Exercise prompt —
From the data below, retype exactly the lines starting with the one that contains "exists (U1 + T * U2), (V1 + V2)." and ending with the one that contains "Variables (R : comNzRingType) (p : nat).", both included.

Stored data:
Segment Open

(* Assume $\lfloor (M_1+\dots+M_n)/p\rfloor=n-1$ (ample reduction), and let $c(z)=(c^l_j(z))_{l,j=1,\dots,n-1}$ be defined by $I^{[l]}(z)=\sum_{j=1}^{n-1}c^l_j(z)w_j$, where $w_j=M_j^{-1}e_j-M_{j+1}^{-1}e_{j+1}$. Then for any $i\ne j$ the polynomial $\det c(z)$ is divisible by $(z_i-z_j)^{M_i+M_j-p}$.
   Context: $p,q$ are primes, $n$ a positive integer with $p>n\ge2$, $p>q$; $m_1,\dots,m_n$ are positive integers $<q$; $M_i$ is the least positive integer with $M_i\equiv -m_iq^{-1}\pmod p$ (its residue in formulas over $\mathbb{F}_p$). $e_1,\dots,e_n$ is the standard basis of $\mathbb{F}_p^n$. With $\Phi_p(x,z)=\prod_i(x-z_i)^{M_i}$, $I^{[l]}(z)\in\mathbb{F}_p[z_1,\dots,z_n]^n$ is the coefficient of $x^{lp-1}$ in $(\Phi_p/(x-z_1),\dots,\Phi_p/(x-z_n))$; its coefficient vectors lie in $\{c:\sum_im_ic_i=0\}$, of which $w_1,\dots,w_{n-1}$ is a basis. (Under the hypothesis, $M_i+M_j-p>0$.) *)

From HB Require Import structures.
From mathcomp Require Import all_boot all_order all_algebra.
From mathcomp Require Import mpoly.
Set Implicit Arguments. Unset Strict Implicit. Unset Printing Implicit Defensive.
Import GRing.Theory.
Local Open Scope ring_scope.

(* Variables z_1..z_n are 'X_k, k : 'I_n (0-based).  The auxiliary variable x is
   the variable 'X of {poly {mpoly 'F_p[n]}}. *)

(* Phi_p(x,z) / (x - z_i) = prod_k (x - z_k)^(M_k - [k = i]) (exact division, M_i >= 1) *)
Definition Phi_div (p n : nat) (M : 'I_n -> nat) (i : 'I_n)
  : {poly {mpoly 'F_p[n]}} :=
  \prod_(k < n) ('X - ('X_k)%:P) ^+ (if k == i then (M k).-1 else M k).

Definition Icoef (p n : nat) (M : 'I_n -> nat) (l : nat) (i : 'I_n)
  : {mpoly 'F_p[n]} :=
  (Phi_div p M i)`_((l * p).-1).

(* w_j = M_j^{-1} e_j - M_{j+1}^{-1} e_{j+1}, for j = 1..n-1; here j : 'I_(n.-1)
   is 0-based, so w j has entry M_k^{-1} at k = j and -M_k^{-1} at k = j+1. *)
Definition wvec (p n : nat) (M : 'I_n -> nat) (j : 'I_n.-1) (k : 'I_n) : 'F_p :=
  if (k : nat) == (j : nat) then ((M k)%:R)^-1
  else if (k : nat) == (j : nat).+1 then - ((M k)%:R)^-1
  else 0.

From HB Require Import structures.
From mathcomp Require Import all_boot all_order all_algebra.
From mathcomp Require Import mpoly.
From mathcomp Require Import zify ring.
Import GRing.Theory.
Local Open Scope ring_scope.

(* Restricted to the first n-1 coordinates, the vectors w_j form a bidiagonal
   matrix with invertible diagonal entries 1/M_j, so det c is a unit multiple
   of the determinant of the matrix (I^[l]_k)_{l,k<n-1}.  Adding z_i^(p(l-1))
   times row l to row 1 leaves that determinant unchanged and turns the entry
   of column k into Λ(Φ_p/(x-z_k)), where Λ(f) = Σ_l z_i^(p(l-1)) [x^(lp-1)] f.
   Writing x - z_j = (x - z_i) + (z_i - z_j), the polynomial Φ_p/(x-z_k) is
   (x-z_i)^p U + (z_i-z_j)^(M_i+M_j-p) V.  In characteristic p,
   (x-z_i)^p = x^p - z_i^p, and Λ((x^p - z_i^p) U) telescopes to a single
   coefficient of U lying beyond its degree, because ample reduction gives
   Σ_k M_k < np. *)

Lemma sum_dvd (R : comNzRingType) (I : Type) (r : seq I) (F : I -> R) (t : R) :
  (forall s, exists g, F s = t * g) -> exists g, \sum_(s <- r) F s = t * g.
Proof.
move=> dvdF; elim/big_rec: _ => [|s x _ [g ->]]; first by exists 0; rewrite mulr0.
by have [h ->] := dvdF s; exists (h + g); rewrite mulrDr.
Qed.

Lemma det_dvd_of_row0_comb {R : comNzRingType} {N : nat} (A : 'M[R]_N.+1) (c t : R) :
  (forall s, exists g, \sum_(l < N.+1) c ^+ l * A l s = t * g) ->
  exists g, \det A = t * g.
Proof.
move=> dvd_comb.
pose E : 'M[R]_N.+1 := \matrix_(r, l) if r == ord0 then c ^+ l else (r == l)%:R.
have detE : \det E = 1.
  rewrite -det_tr det_trig; last first.
    apply/is_trig_mxP => a b lt_ab; rewrite !mxE.
    rewrite ifF; last by apply/eqP => b0; move: lt_ab; rewrite b0.
    by rewrite -val_eqE /= gtn_eqF.
  by apply: big1 => s _; rewrite !mxE eqxx; case: ifP => // /eqP ->; rewrite expr0.
have -> : \det A = \det (E *m A) by rewrite det_mulmx detE mul1r.
rewrite (expand_det_row _ ord0).
apply: sum_dvd => s; have [g comb_g] := dvd_comb s.
exists (g * cofactor (E *m A) ord0 s); rewrite mulrA -comb_g !mxE.
by congr (_ * _); apply: eq_bigr => l _; rewrite mxE.
Qed.

Lemma expr_mul_exprD_split {R : comNzRingType} (Y T : R) {p e a b : nat} :
  (p + e <= a + b + 1)%N -> exists U V, Y ^+ a * (Y + T) ^+ b = Y ^+ p * U + T ^+ e * V.
Proof.
elim: b a e => [|b IH] a [|e] le_pe.
- by exists 0, (Y ^+ a); ring.
- exists (Y ^+ (a - p)), 0; rewrite mulr0 addr0 expr0 mulr1 -exprD.
  by congr (_ ^+ _); lia.
- by exists 0, (Y ^+ a * (Y + T) ^+ b.+1); ring.
have [U1 [V1 E1]] := IH a.+1 e.+1 ltac:(lia).
have [U2 [V2 E2]] := IH a e ltac:(lia).
exists (U1 + T * U2), (V1 + V2).
have -> : Y ^+ a * (Y + T) ^+ b.+1 = Y ^+ a.+1 * (Y + T) ^+ b + T * (Y ^+ a * (Y + T) ^+ b).
  by rewrite !exprS; ring.
rewrite E1 E2 !exprS; ring.
Qed.

Lemma size_prod_XsubC_exp {R : comNzRingType} {n : nat} (z : 'I_n -> R) (d : 'I_n -> nat) :
  (size (\prod_(k < n) ('X - (z k)%:P) ^+ d k)%R <= (\sum_(k < n) d k).+1)%N.
Proof.
elim/big_rec2: _ => [|k s P _ IH]; first by rewrite size_poly1.
apply: leq_trans (size_polyMleq _ _) _; rewrite size_exp_XsubC; lia.
Qed.

Lemma XsubC_expp (R : comNzRingType) (p : nat) (a : R) : p \in [pchar R] ->
  ('X - a%:P) ^+ p = 'X^p - (a ^+ p)%:P.
Proof.
move=> charRp; have charPp : p \in [pchar {poly R}] := rmorph_pchar polyC charRp.
rewrite -!(pFrobenius_autE charPp) pFrobenius_autB_comm; last exact: mulrC.
by rewrite !pFrobenius_autE rmorphXn.
Qed.

Section CoefComb.

Variables (R : comNzRingType) (p : nat).

Definition pcoef_comb (N : nat) (c : R) (f : {poly R}) : R :=
  \sum_(l < N) c ^+ l * f`_((l.+1 * p).-1).

Lemma pcoef_combD N c (f g : {poly R}) :
  pcoef_comb N c (f + g) = pcoef_comb N c f + pcoef_comb N c g.
Proof. by rewrite -big_split; apply: eq_bigr => l _; rewrite coefD mulrDr. Qed.

Lemma pcoef_combCM N c a (f : {poly R}) :
  pcoef_comb N c (a%:P * f) = a * pcoef_comb N c f.
Proof. by rewrite mulr_sumr; apply: eq_bigr => l _; rewrite coefCM; ring. Qed.

Lemma pcoef_comb_widen N K c (f : {poly R}) : (size f <= (N.+1 * p).-1)%N ->
  pcoef_comb N c f = pcoef_comb (N + K) c f.
Proof.
move=> size_f; rewrite /pcoef_comb big_split_ord /= [X in _ = _ + X]big1 ?addr0 //.
move=> l _; rewrite nth_default ?mulr0 //; apply: leq_trans size_f _.
rewrite -!subn1 leq_sub2r // leq_mul2r; apply/orP; right; lia.
Qed.

(* Telescoping: the coefficient of 'X^((l+1)p-1) in ('X^p - c) * U is
   U_(lp-1) - c U_((l+1)p-1). *)
Lemma pcoef_comb_XnsubC (N : nat) c (U : {poly R}) : (0 < p)%N ->
  pcoef_comb N.+1 c (('X^p - c%:P) * U) = - (c ^+ N.+1 * U`_((N.+1 * p).-1)).
Proof.
move=> p_gt0; elim: N => [|N IH].
  rewrite /pcoef_comb big_ord1 mulrBl coefB coefXnM coefCM ifT; last by rewrite /= mul1n; lia.
  by rewrite expr0 expr1 mul1r sub0r.
rewrite /pcoef_comb big_ord_recr /= -/(pcoef_comb N.+1 c _) IH.
rewrite mulrBl coefB coefXnM coefCM ifF; last by lia.
have -> : ((N.+2 * p).-1 - p = (N.+1 * p).-1)%N by rewrite mulSn; lia.
rewrite !exprS; ring.
Qed.

Lemma pcoef_comb_prod_XsubC_dvd (N n : nat) (z : 'I_n -> R) (d : 'I_n -> nat) (i j : 'I_n) e :
  p \in [pchar R] -> i != j -> (p + e <= d i + d j + 1)%N ->
  ((\sum_(k < n) d k).+2 <= N.+1 * p)%N ->
  exists g, pcoef_comb N (z i ^+ p) (\prod_(k < n) ('X - (z k)%:P) ^+ d k)
            = (z i - z j) ^+ e * g.
Proof.
move=> charRp neq_ij le_pe size_bound.
have p_gt0 : (0 < p)%N := prime_gt0 (pcharf_prime charRp).
pose H := \prod_(k | (k != i) && (k != j)) ('X - (z k)%:P) ^+ d k.
have XsubC_j : 'X - (z j)%:P = ('X - (z i)%:P) + (z i - z j)%:P.
  by rewrite rmorphB /=; ring.
have [U [V split_ij]] := expr_mul_exprD_split ('X - (z i)%:P) (z i - z j)%:P le_pe.
have size_f : (size (\prod_(k < n) ('X - (z k)%:P) ^+ d k)%R <= (N.+1 * p).-1)%N.
  by apply: leq_trans (size_prod_XsubC_exp z d) _; lia.
rewrite (pcoef_comb_widen _ (size (U * H)).+1 _ _ size_f).
have -> : \prod_(k < n) ('X - (z k)%:P) ^+ d k
          = (('X - (z i)%:P) ^+ p * U + (z i - z j)%:P ^+ e * V) * H.
  rewrite (bigD1 i) //= (bigD1 j) /=; last by rewrite eq_sym.
  by rewrite mulrA -split_ij XsubC_j.
rewrite mulrDl -!mulrA pcoef_combD.
rewrite XsubC_expp // -rmorphXn pcoef_combCM addnS pcoef_comb_XnsubC //.
rewrite [X in - (_ * X)]nth_default ?mulr0 ?oppr0 ?add0r; first by eexists.
rewrite -ltnS prednK ?muln_gt0 ?p_gt0 //.
by apply: leq_trans (leq_pmulr _ p_gt0); rewrite ltnS leq_addl.
Qed.

End CoefComb.
Arguments pcoef_comb {R}.

Lemma pcoef_comb_Phi_div_dvd (p n N : nat) (M : 'I_n -> nat) (i j k : 'I_n) :
  prime p -> i != j -> (forall r, (0 < M r)%N) -> (p < M i + M j)%N ->
  (\sum_(r < n) M r < N.+1 * p)%N ->
  exists g, pcoef_comb p N ('X_i ^+ p) (Phi_div p M k)
            = ('X_i - 'X_j) ^+ (M i + M j - p) * g.
Proof.
move=> pr_p neq_ij M_gt0 lt_p_Mij ample.
pose d r := if r == k then (M r).-1 else M r.
have sum_d : ((\sum_(r < n) d r).+1 = \sum_(r < n) M r)%N.
  rewrite (bigD1 k) //= [in RHS](bigD1 k) //= {1}/d eqxx -addSn prednK //.
  by congr (_ + _)%N; apply: eq_bigr => r /negbTE; rewrite /d => ->.
apply: (@pcoef_comb_prod_XsubC_dvd _ p N n (fun r => 'X_r) d) => //.
- by apply: (rmorph_pchar (@mpolyC n _)); exact: pchar_Fp.
- have := M_gt0 i; have := M_gt0 j; rewrite /d.
  case: (i =P k) => [ik|_]; case: (j =P k) => [jk|_]; try lia.
  by move: neq_ij; rewrite ik jk eqxx.
- lia.
Qed.

Lemma natr_Fp_neq0 (p x : nat) : prime p -> (0 < x < p)%N -> (x%:R : 'F_p) != 0.
Proof.
move=> pr_p /andP[x_gt0 lt_xp]; rewrite -(dvdn_pcharf (pchar_Fp pr_p)).
by apply/negP => /(dvdn_leq x_gt0); lia.
Qed.

Lemma det_wvec (p n : nat) (M : 'I_n.+1 -> nat) :
  \det (\matrix_(t < n, s < n) wvec p M t (widen_ord (leqnSn n) s))
  = \prod_(s < n) ((M (widen_ord (leqnSn n) s))%:R)^-1.
Proof.
rewrite -det_tr det_trig; last first.
  apply/is_trig_mxP => a b lt_ab; rewrite !mxE /wvec /=.
  by rewrite ifF; [rewrite ifF //|]; apply/eqP; lia.
by apply: eq_bigr => s _; rewrite !mxE /wvec /= eqxx.
Qed.

Theorem lemma7p6 (p q n : nat) (m M : 'I_n -> nat)
  (c : 'I_n.-1 -> 'I_n.-1 -> {mpoly 'F_p[n]}) (i j : 'I_n) :
  prime p -> prime q -> (q < p)%N -> (2 <= n)%N -> (n < p)%N ->
  (forall k, (0 < m k)%N && (m k < q)%N) ->
  (* M_k = least positive integer with M_k = - m_k q^{-1} (mod p) *)
  (forall k, (0 < M k)%N /\
     ((M k)%:R = - ((m k)%:R) / (q%:R) :> 'F_p) /\
     (forall t : nat, (0 < t)%N -> (t%:R = - ((m k)%:R) / (q%:R) :> 'F_p) ->
        (M k <= t)%N)) ->
  (* ample reduction *)
  ((\sum_(k < n) M k) %/ p)%N = n.-1 ->
  (* c(z) is defined by I^{[l]}(z) = sum_j c^l_j(z) w_j, l = 1..n-1 *)
  (forall (l : 'I_n.-1) (k : 'I_n),
     Icoef p M (l.+1) k = \sum_(t < n.-1) c l t * (wvec p M t k)%:MP) ->
  i != j ->
  exists g : {mpoly 'F_p[n]},
    \det (\matrix_(l, t) c l t) = ('X_i - 'X_j) ^+ (M i + M j - p) * g.
Proof.
case: n m M c i j => [|[|n]] m M c i j; [by [] | by [] |].
move=> pr_p pr_q lt_qp _ _ hm hM ample hc neq_ij.
set C := \matrix_(l, t) c l t.
have [|lt_p_Mij] := leqP (M i + M j) p.
  by rewrite -subn_eq0 => /eqP->; exists (\det C); rewrite mul1r.
have M_gt0 k : (0 < M k)%N by have [] := hM k.
have M_neq0 k : ((M k)%:R : 'F_p) != 0.
  have [_ [-> _]] := hM k; have /andP[m_gt0 lt_mq] := hm k.
  have m_range : (0 < m k < p)%N by rewrite m_gt0 (ltn_trans lt_mq).
  have q_range : (0 < q < p)%N by rewrite prime_gt0.
  by rewrite mulf_eq0 invr_eq0 oppr_eq0 negb_or !natr_Fp_neq0.
pose w := \prod_(s < n.+1) ((M (widen_ord (leqnSn _) s))%:R : 'F_p)^-1.
have w_neq0 : w != 0 by rewrite prodf_seq_neq0; apply/allP => s _; rewrite invr_eq0 M_neq0.
pose A : 'M[{mpoly 'F_p[n.+2]}]_n.+1 := \matrix_(l, s) Icoef p M l.+1 (widen_ord (leqnSn _) s).
have detA : \det A = \det C * w%:MP.
  rewrite /w -det_wvec -det_map_mx -det_mulmx; congr (\det _).
  by apply/matrixP => l s; rewrite !mxE hc; apply: eq_bigr => t _; rewrite !mxE.
have [g dvd_detA] : exists g, \det A = ('X_i - 'X_j) ^+ (M i + M j - p) * g.
  apply: (det_dvd_of_row0_comb _ ('X_i ^+ p)) => s.
  under eq_bigr do rewrite mxE.
  apply: pcoef_comb_Phi_div_dvd => //.
  by rewrite -ltn_divLR ?prime_gt0 // ample.
exists (g * (w^-1)%:MP).
by rewrite mulrA -dvd_detA detA -mulrA -rmorphM divff // rmorph1 mulr1.
Qed.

Segment Closed

Reply to the task —
exists (U1 + T * U2), (V1 + V2).
have -> : Y ^+ a * (Y + T) ^+ b.+1 = Y ^+ a.+1 * (Y + T) ^+ b + T * (Y ^+ a * (Y + T) ^+ b).
  by rewrite !exprS; ring.
rewrite E1 E2 !exprS; ring.
Qed.

Lemma size_prod_XsubC_exp {R : comNzRingType} {n : nat} (z : 'I_n -> R) (d : 'I_n -> nat) :
  (size (\prod_(k < n) ('X - (z k)%:P) ^+ d k)%R <= (\sum_(k < n) d k).+1)%N.
Proof.
elim/big_rec2: _ => [|k s P _ IH]; first by rewrite size_poly1.
apply: leq_trans (size_polyMleq _ _) _; rewrite size_exp_XsubC; lia.
Qed.

Lemma XsubC_expp (R : comNzRingType) (p : nat) (a : R) : p \in [pchar R] ->
  ('X - a%:P) ^+ p = 'X^p - (a ^+ p)%:P.
Proof.
move=> charRp; have charPp : p \in [pchar {poly R}] := rmorph_pchar polyC charRp.
rewrite -!(pFrobenius_autE charPp) pFrobenius_autB_comm; last exact: mulrC.
by rewrite !pFrobenius_autE rmorphXn.
Qed.

Section CoefComb.

Variables (R : comNzRingType) (p : nat).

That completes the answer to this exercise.